Breathing, Frontiers (Nara–Kyoto, 2009)

prayers in rough wood

One morning late in the summer of her death, I leave the swanky Kyoto hotel with only two things: a sense of desperate adventure and a bus map I have no way to make sense of. It is mid-morning, full sun. I step into the street & catch the wrong bus. Lost, I find another traveler with a better head for direction and a to-see list the same as mine. Together, we make the rounds of temples with names like stones dropped in still ponds, take pictures each of the other. Kiyomizu-dera and its golden waters. Moss & graves at Honen-in, echoes in the hillside. Eikando. Nanzenji. I touch my right hand to the cherry-lined path of Tetsugaku-no-michi, green now, no blossoms, wonder how many wiser heads have held thoughts here. Ears trained to stream’s murmur over street traffic.

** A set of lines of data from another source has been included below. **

End ForestArguments.

Section ExplanationLabelling.
Variables (R : realType) (V C : finType) (k : nat).
Variables (isnum : 'I_k -> bool) (Dn : 'I_k -> pred R) (Dc : 'I_k -> {set V}).
Variables (F : forest R V C k) (x : input R V k).

Local Notation args := (args isnum Dc F).
Local Notation B := (BF isnum Dn Dc F).
Local Notation L := (Lx isnum Dn Dc F x).
Local Notation att := (att Dn F).
Local Notation partset := (partset Dn F).
Local Notation AC := (AClass R V k).

Lemma att_featE b a i : featof a = Some i -> att b a = (featof b == Some i) && (b != a).
Proof. by case: a => // i' ? [<-]; case: b. Qed.

Lemma att_ruleE b T r : att b (ARule T r) =
  `[< exists l, l \in prem r /\ Some (litfeat l) = featof b /\
                forall w, partset b w -> ~~ lit_sat l w >].
Proof. by case: b => //= *; apply/esym/asboolPn => -[l [_ []]]. Qed.

Lemma Lx_feat b i : featof b = Some i -> L b = if partset b (x i) then lin else lout.
Proof. by case: b => //= i' ? [->]. Qed.

Lemma Lx_class y : L (AC y) = dom_label B L (AC y).
Proof. by apply: eq_dom_label; case. Qed.

Lemma class_out y y' : y' != y -> L (AC y) = lin -> L (AC y') = lout.
Proof.
move=> neq; apply: dom_label_rival_out (Lx_class y) (Lx_class y').
  by case=> //= _ r /eqP->; rewrite eq_sym.
by case=> //= _ r /eqP->.
Qed.

Section InDomain.
Hypothesis x_in : in_domain isnum Dn Dc x.

Lemma feat_cell_exists i :
  exists2 b, b \in args & (featof b == Some i) && partset b (x i).
Proof.
have := x_in i; case: (x i) => [r|v] /andP[num_i x_i_in].
  have [j r_in] := in_interval_exists (thresholds F i) r.
  exists (AFeatN R V C i j); last by rewrite /= eqxx x_i_in.
  by rewrite mem_args_featN num_i (in_interval_size r_in).
by exists (AFeatC R C i v); rewrite ?mem_args_featC ?num_i //= !eqxx.
Qed.

Lemma feat_bicomplete a i : featof a = Some i -> bicomplete_at B L a.
Proof.
move=> feat_a; apply: (@bicomplete_at_unsupported _ _ _ _ (partset a (x i))).
- by case: a feat_a => // ? ? _ [].
- exact: Lx_feat.
- move=> a_cell b _; rewrite /= (att_featE _ feat_a) => /andP[/eqP feat_b b_neq].
  rewrite (Lx_feat feat_b); case: ifP => // b_cell.
  by rewrite (partset_feat_unique feat_b feat_a b_cell a_cell) eqxx in b_neq.
- move=> a_cellF; have [b b_in /andP[/eqP feat_b b_cell]] := feat_cell_exists i.
  exists b => //=; rewrite (att_featE _ feat_a) feat_b eqxx (Lx_feat feat_b) b_cell andbT /=.
  by apply: contraNneq a_cellF => <-.
Qed.

Lemma rule_bicomplete T r : T \in F -> r \in T -> bicomplete_at B L (ARule T r).
Proof.
move=> T_in r_in; apply: (@bicomplete_at_unsupported _ _ _ _ (rule_sat x r)).
- by case.
- by rewrite /= /active r_in.
- move=> r_sat b _; rewrite /= att_ruleE => /asboolP[l [l_in [feat_b l_unsat]]].
  rewrite (Lx_feat (esym feat_b)); case: ifP => // b_cell.
  by move: (l_unsat _ b_cell); rewrite (allP r_sat l l_in).
- case/allPn => l l_in l_unsat.
  have [b b_in /andP[/eqP feat_b b_cell]] := feat_cell_exists (litfeat l).
  exists b => //; rewrite /= att_ruleE (Lx_feat feat_b) b_cell andbT.
  apply/asboolP; exists l; split=> //; split=> [|w w_cell]; first by rewrite feat_b.
  by rewrite (lit_sat_partset T_in r_in l_in feat_b w_cell b_cell).
Qed.

(* If all attackers of A_y are out, the active rule of any tree of F cannot
   attack A_y, so it supports A_y unopposed. *)
Lemma class_bicomplete y : is_forest isnum Dn Dc F -> (1 <= size F)%N ->
  bicomplete_at B L (AC y).
Proof.
move=> [_ F_trees] F_nonempty; apply: bicomplete_at_dom_label (Lx_class y) _.
move=> att_out.
have [T T_in] : exists T, T \in F.
  by case: F F_nonempty => // T ? _; exists T; rewrite inE eqxx.
have [_ [_ /(_ x x_in) [r [[r_in r_sat] _]]]] := F_trees T T_in.
have r_active : L (ARule T r) = lin by rewrite /= /active r_in r_sat.
have conc_r : conc r == y.
  apply: contraT => conc_r_neq; move: r_active.
  by rewrite att_out ?mem_args_rule ?T_in.
have no_att_nout : n_att_nout B L (AC y) = 0%N.
  apply/eqP; rewrite eqn0Ngt -has_count; apply/hasPn => b b_in.
  by apply/negP => /andP[ab]; rewrite (att_out b b_in ab).
rewrite /sup_dom no_att_nout -has_count; apply/hasP; exists (ARule T r).
  by rewrite mem_args_rule T_in.
by rewrite /= conc_r /active r_in r_sat.
Qed.
End InDomain.
End ExplanationLabelling.

Unset Implicit Arguments. Set Strict Implicit.

Theorem lemma3 (R : realType) (V C : finType) (k : nat)
  (isnum : 'I_k -> bool) (Dn : 'I_k -> pred R) (Dc : 'I_k -> {set V})
  (F : forest R V C k) :
  is_forest isnum Dn Dc F -> (1 <= size F)%N ->
  forall x : input R V k, in_domain isnum Dn Dc x ->
    bicomplete (BF isnum Dn Dc F) (Lx isnum Dn Dc F x) /\
    (forall y y' : C, Lx isnum Dn Dc F x (@AClass R V C k y) = lin ->
                      Lx isnum Dn Dc F x (@AClass R V C k y') = lin -> y = y') /\
    (forall y : C, Lx isnum Dn Dc F x (@AClass R V C k y) = lin ->
       forall y' : C, y' != y -> Lx isnum Dn Dc F x (@AClass R V C k y') = lout).
Proof.
move=> F_forest F_nonempty x x_in; split; [|split].
- case=> [y|T r|i v|i j].
  + by move=> _; apply: class_bicomplete.
  + by rewrite mem_args_rule => /andP[]; apply: rule_bicomplete.
  + by move=> _; apply: (feat_bicomplete F x_in (i := i)).
  + by move=> _; apply: (feat_bicomplete F x_in (i := i)).
- move=> y y' Ly_in Ly'_in; case: (eqVneq y' y) => // neq.
  by move: Ly'_in; rewrite (class_out neq Ly_in).
- by move=> y Ly_in y' neq; exact: class_out neq Ly_in.
Qed.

The day clouds as the sun sinks, and then at long last Ginkaku-ji, the Silver Pavilion that was never silver, umbrellaless under matching skies as rain begins to fall.

I hang a prayer
in wood by a heron’s pool
but do not forget.

Cafe Pantoum

The bell rings, another customer.
Smile plastered in place, I look up;
another hour, another dollar.
The things we do for love.

I look up, smile plastered in place,
How was your weekend?
The things we do for love
aren’t always comfortable.

How was your weekend?
“Mostly we just slept.”
–something not always comfortable
to admit, with your lover working beside you.

Mostly we just slept,
but there’s still tiredness under my eyes,
even with my lover working beside me;
it’s like a forced march into tomorrow

with today’s tiredness still in my eyes;
another eternity, another dollar.
Like a forced march into forever:
the bell rings, another customer.

observations from a hard plastic chair

every man’s socks look dingier under the fluorescent E-R lights. the nurse
wears false eyelashes on the midnight shift; they ask why i’m here.
her pulled-out tee shows tops of oranged cleavage we pretend to not
see. there is urine under your bed when they roll you away, but not yours.
the stain clashes well with the grey-green tile, just the color of stale love.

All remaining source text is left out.